● Exercise
Go to the line below containing "(* Let $G_i=(V_i,E_i)$" and print exactly from there through the line containing "#|[set u in S | e u v]|.", both included. Print nothing else.

****************************************

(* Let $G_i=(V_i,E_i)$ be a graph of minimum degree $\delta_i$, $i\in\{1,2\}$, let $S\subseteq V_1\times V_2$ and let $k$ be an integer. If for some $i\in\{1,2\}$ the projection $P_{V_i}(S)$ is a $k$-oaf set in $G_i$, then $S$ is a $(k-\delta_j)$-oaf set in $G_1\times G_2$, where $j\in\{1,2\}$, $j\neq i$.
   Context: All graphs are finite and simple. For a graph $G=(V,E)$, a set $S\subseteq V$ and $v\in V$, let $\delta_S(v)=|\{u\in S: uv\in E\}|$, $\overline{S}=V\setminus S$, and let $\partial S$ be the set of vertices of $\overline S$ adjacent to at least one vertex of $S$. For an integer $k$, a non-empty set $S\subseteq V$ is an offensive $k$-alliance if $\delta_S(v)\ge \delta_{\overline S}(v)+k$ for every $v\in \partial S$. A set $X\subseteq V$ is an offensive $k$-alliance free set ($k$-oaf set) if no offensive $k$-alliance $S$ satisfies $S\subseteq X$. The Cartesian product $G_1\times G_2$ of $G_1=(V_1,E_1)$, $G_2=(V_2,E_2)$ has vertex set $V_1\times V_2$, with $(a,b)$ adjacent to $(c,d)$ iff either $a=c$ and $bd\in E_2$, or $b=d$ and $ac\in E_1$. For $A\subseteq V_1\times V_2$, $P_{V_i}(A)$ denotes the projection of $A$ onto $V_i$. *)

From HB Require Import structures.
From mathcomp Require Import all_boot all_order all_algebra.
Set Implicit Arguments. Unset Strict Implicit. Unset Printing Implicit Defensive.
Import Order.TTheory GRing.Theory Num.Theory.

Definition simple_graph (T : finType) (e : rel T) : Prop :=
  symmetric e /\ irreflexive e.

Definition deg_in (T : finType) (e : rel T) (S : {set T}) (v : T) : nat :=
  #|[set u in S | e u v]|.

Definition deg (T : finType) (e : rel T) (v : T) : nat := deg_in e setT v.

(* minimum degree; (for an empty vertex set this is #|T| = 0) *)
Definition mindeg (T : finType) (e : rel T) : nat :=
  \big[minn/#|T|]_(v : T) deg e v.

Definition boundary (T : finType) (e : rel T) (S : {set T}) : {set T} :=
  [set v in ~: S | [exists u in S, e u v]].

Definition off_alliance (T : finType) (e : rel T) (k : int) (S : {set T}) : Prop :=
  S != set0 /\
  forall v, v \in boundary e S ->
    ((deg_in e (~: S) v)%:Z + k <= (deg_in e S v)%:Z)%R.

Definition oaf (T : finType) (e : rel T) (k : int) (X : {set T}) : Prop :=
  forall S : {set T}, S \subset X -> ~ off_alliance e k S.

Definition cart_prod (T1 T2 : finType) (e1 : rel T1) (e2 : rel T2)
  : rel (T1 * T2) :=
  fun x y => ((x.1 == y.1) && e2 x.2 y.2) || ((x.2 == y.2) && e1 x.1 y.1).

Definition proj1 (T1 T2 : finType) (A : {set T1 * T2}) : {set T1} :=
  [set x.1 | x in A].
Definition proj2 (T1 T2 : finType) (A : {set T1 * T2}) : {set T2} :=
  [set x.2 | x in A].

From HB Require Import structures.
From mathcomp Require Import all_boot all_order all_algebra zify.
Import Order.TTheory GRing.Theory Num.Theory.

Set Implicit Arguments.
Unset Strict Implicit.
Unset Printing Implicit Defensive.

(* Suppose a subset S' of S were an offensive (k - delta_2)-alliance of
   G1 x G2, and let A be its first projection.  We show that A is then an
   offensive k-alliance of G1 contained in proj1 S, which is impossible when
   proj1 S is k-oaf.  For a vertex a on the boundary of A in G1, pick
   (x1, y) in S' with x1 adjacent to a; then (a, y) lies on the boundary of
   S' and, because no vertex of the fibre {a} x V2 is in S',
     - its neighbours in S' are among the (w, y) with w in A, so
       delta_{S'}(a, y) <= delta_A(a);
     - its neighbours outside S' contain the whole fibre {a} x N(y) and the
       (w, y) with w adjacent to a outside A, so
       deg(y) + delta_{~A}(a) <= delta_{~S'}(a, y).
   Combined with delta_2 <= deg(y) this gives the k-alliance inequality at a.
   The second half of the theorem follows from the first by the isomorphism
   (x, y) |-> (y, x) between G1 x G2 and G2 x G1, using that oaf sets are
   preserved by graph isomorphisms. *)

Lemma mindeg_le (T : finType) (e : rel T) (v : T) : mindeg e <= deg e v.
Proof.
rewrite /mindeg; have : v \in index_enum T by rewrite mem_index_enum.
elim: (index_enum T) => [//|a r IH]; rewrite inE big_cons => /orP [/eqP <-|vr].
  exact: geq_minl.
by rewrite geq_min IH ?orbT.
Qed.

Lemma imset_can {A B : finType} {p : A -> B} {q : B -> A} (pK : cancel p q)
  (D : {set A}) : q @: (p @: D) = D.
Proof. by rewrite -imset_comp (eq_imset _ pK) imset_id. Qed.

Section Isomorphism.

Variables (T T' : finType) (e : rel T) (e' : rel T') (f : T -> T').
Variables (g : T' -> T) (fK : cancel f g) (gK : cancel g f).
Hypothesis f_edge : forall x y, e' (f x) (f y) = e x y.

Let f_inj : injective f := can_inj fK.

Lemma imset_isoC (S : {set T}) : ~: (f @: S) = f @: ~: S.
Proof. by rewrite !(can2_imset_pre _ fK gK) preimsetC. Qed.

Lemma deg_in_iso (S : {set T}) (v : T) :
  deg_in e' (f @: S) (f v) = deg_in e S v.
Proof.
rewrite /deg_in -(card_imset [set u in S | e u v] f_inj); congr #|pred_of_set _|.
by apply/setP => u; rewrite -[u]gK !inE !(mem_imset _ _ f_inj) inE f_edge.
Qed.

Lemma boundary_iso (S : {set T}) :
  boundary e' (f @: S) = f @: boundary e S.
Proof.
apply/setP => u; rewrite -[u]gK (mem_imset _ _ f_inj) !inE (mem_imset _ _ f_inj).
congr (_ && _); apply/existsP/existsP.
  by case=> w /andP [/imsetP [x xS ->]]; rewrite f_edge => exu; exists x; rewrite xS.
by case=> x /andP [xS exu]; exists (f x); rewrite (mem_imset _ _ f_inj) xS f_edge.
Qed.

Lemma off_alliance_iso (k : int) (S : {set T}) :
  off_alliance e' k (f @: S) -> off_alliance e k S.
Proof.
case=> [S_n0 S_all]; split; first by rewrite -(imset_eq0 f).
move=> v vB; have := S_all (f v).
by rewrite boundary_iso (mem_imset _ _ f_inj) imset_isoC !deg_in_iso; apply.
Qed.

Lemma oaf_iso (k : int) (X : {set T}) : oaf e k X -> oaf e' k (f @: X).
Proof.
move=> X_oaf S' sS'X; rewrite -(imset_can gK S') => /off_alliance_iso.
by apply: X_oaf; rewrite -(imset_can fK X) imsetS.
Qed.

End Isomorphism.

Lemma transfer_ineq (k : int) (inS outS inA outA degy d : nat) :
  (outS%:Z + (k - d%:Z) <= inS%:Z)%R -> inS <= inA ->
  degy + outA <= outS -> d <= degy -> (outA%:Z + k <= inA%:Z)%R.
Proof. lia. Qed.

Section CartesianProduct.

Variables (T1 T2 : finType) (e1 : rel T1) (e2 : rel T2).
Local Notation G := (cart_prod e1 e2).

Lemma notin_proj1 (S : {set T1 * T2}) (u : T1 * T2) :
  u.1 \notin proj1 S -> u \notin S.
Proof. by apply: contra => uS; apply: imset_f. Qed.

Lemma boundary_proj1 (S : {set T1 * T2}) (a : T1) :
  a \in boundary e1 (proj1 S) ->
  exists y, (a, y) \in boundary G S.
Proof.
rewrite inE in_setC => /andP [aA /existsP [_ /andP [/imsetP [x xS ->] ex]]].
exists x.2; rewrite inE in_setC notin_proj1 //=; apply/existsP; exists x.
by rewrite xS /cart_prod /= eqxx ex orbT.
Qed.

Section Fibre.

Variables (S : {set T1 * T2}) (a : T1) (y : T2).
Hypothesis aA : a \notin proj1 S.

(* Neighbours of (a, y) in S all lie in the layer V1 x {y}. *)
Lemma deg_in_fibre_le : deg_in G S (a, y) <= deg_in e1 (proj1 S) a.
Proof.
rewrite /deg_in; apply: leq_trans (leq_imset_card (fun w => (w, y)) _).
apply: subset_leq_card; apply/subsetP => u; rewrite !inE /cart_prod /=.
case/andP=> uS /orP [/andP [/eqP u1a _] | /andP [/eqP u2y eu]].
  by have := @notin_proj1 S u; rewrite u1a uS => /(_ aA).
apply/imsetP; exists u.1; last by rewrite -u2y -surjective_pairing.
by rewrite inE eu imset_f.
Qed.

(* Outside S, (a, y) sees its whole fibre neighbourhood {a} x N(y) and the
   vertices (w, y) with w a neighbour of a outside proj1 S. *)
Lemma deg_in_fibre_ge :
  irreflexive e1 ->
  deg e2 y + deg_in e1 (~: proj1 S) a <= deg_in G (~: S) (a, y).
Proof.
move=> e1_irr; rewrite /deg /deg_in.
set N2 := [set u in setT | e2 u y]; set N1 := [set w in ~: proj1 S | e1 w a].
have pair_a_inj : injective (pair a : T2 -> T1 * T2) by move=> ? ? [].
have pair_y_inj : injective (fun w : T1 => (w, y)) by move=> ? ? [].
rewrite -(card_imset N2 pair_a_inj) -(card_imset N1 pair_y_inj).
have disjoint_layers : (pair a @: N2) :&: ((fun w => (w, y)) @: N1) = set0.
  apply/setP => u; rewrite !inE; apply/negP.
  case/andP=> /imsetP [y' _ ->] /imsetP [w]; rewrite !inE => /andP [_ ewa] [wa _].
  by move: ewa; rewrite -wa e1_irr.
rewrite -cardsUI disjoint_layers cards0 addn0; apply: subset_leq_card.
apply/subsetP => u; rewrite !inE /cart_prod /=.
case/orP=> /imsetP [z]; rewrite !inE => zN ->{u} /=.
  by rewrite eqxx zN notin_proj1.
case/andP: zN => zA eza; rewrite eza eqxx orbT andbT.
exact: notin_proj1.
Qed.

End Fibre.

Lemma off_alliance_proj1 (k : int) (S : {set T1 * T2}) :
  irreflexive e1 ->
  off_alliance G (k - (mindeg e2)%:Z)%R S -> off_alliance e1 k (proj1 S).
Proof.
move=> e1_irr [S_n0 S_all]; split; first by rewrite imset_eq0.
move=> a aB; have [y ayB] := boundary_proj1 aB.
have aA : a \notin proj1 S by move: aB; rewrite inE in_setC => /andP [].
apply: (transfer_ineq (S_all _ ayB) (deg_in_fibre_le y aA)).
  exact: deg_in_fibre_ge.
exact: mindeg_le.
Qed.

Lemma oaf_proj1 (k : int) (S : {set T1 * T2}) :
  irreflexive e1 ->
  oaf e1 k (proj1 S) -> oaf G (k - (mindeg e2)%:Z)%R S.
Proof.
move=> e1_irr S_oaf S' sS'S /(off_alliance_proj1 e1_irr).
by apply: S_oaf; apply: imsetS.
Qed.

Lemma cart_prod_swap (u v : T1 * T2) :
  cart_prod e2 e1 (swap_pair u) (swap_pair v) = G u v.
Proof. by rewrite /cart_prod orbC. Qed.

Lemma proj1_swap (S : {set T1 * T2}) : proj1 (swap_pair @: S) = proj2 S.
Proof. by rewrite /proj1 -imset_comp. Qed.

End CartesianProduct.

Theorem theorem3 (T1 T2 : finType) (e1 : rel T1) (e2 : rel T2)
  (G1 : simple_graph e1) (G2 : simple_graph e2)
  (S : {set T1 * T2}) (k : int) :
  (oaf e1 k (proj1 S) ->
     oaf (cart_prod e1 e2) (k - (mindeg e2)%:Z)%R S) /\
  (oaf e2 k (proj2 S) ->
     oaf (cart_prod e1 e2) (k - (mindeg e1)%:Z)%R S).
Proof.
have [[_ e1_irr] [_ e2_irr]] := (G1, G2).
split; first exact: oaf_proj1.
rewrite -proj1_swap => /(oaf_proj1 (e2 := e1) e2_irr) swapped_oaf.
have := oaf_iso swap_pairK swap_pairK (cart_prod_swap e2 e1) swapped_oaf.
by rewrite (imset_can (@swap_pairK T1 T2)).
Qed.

****************************************

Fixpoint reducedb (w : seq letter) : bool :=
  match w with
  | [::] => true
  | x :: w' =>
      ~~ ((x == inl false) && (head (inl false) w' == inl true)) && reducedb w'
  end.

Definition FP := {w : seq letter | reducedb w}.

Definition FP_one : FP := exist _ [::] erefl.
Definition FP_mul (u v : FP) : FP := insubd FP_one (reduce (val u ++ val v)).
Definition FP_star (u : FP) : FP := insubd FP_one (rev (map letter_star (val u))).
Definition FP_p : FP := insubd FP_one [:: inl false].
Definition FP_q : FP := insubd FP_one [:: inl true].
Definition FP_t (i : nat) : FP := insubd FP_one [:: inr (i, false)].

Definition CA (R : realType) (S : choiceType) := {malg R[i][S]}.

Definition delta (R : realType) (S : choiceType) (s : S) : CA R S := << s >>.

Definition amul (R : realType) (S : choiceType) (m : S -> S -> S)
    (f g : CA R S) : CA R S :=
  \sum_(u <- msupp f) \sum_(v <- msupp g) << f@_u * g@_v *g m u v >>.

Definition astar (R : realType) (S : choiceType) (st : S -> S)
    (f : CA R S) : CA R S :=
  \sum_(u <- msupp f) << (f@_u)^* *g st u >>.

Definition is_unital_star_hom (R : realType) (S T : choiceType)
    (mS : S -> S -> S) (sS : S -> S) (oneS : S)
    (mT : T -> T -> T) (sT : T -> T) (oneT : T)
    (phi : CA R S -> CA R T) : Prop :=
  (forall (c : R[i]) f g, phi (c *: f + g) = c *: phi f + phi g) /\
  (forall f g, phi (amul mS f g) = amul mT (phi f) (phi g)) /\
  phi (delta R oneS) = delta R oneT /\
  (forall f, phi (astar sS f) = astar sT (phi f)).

****************************************

● Answer
(* Let $G_i=(V_i,E_i)$ be a graph of minimum degree $\delta_i$, $i\in\{1,2\}$, let $S\subseteq V_1\times V_2$ and let $k$ be an integer. If for some $i\in\{1,2\}$ the projection $P_{V_i}(S)$ is a $k$-oaf set in $G_i$, then $S$ is a $(k-\delta_j)$-oaf set in $G_1\times G_2$, where $j\in\{1,2\}$, $j\neq i$.
   Context: All graphs are finite and simple. For a graph $G=(V,E)$, a set $S\subseteq V$ and $v\in V$, let $\delta_S(v)=|\{u\in S: uv\in E\}|$, $\overline{S}=V\setminus S$, and let $\partial S$ be the set of vertices of $\overline S$ adjacent to at least one vertex of $S$. For an integer $k$, a non-empty set $S\subseteq V$ is an offensive $k$-alliance if $\delta_S(v)\ge \delta_{\overline S}(v)+k$ for every $v\in \partial S$. A set $X\subseteq V$ is an offensive $k$-alliance free set ($k$-oaf set) if no offensive $k$-alliance $S$ satisfies $S\subseteq X$. The Cartesian product $G_1\times G_2$ of $G_1=(V_1,E_1)$, $G_2=(V_2,E_2)$ has vertex set $V_1\times V_2$, with $(a,b)$ adjacent to $(c,d)$ iff either $a=c$ and $bd\in E_2$, or $b=d$ and $ac\in E_1$. For $A\subseteq V_1\times V_2$, $P_{V_i}(A)$ denotes the projection of $A$ onto $V_i$. *)

From HB Require Import structures.
From mathcomp Require Import all_boot all_order all_algebra.
Set Implicit Arguments. Unset Strict Implicit. Unset Printing Implicit Defensive.
Import Order.TTheory GRing.Theory Num.Theory.

Definition simple_graph (T : finType) (e : rel T) : Prop :=
  symmetric e /\ irreflexive e.

Definition deg_in (T : finType) (e : rel T) (S : {set T}) (v : T) : nat :=
  #|[set u in S | e u v]|.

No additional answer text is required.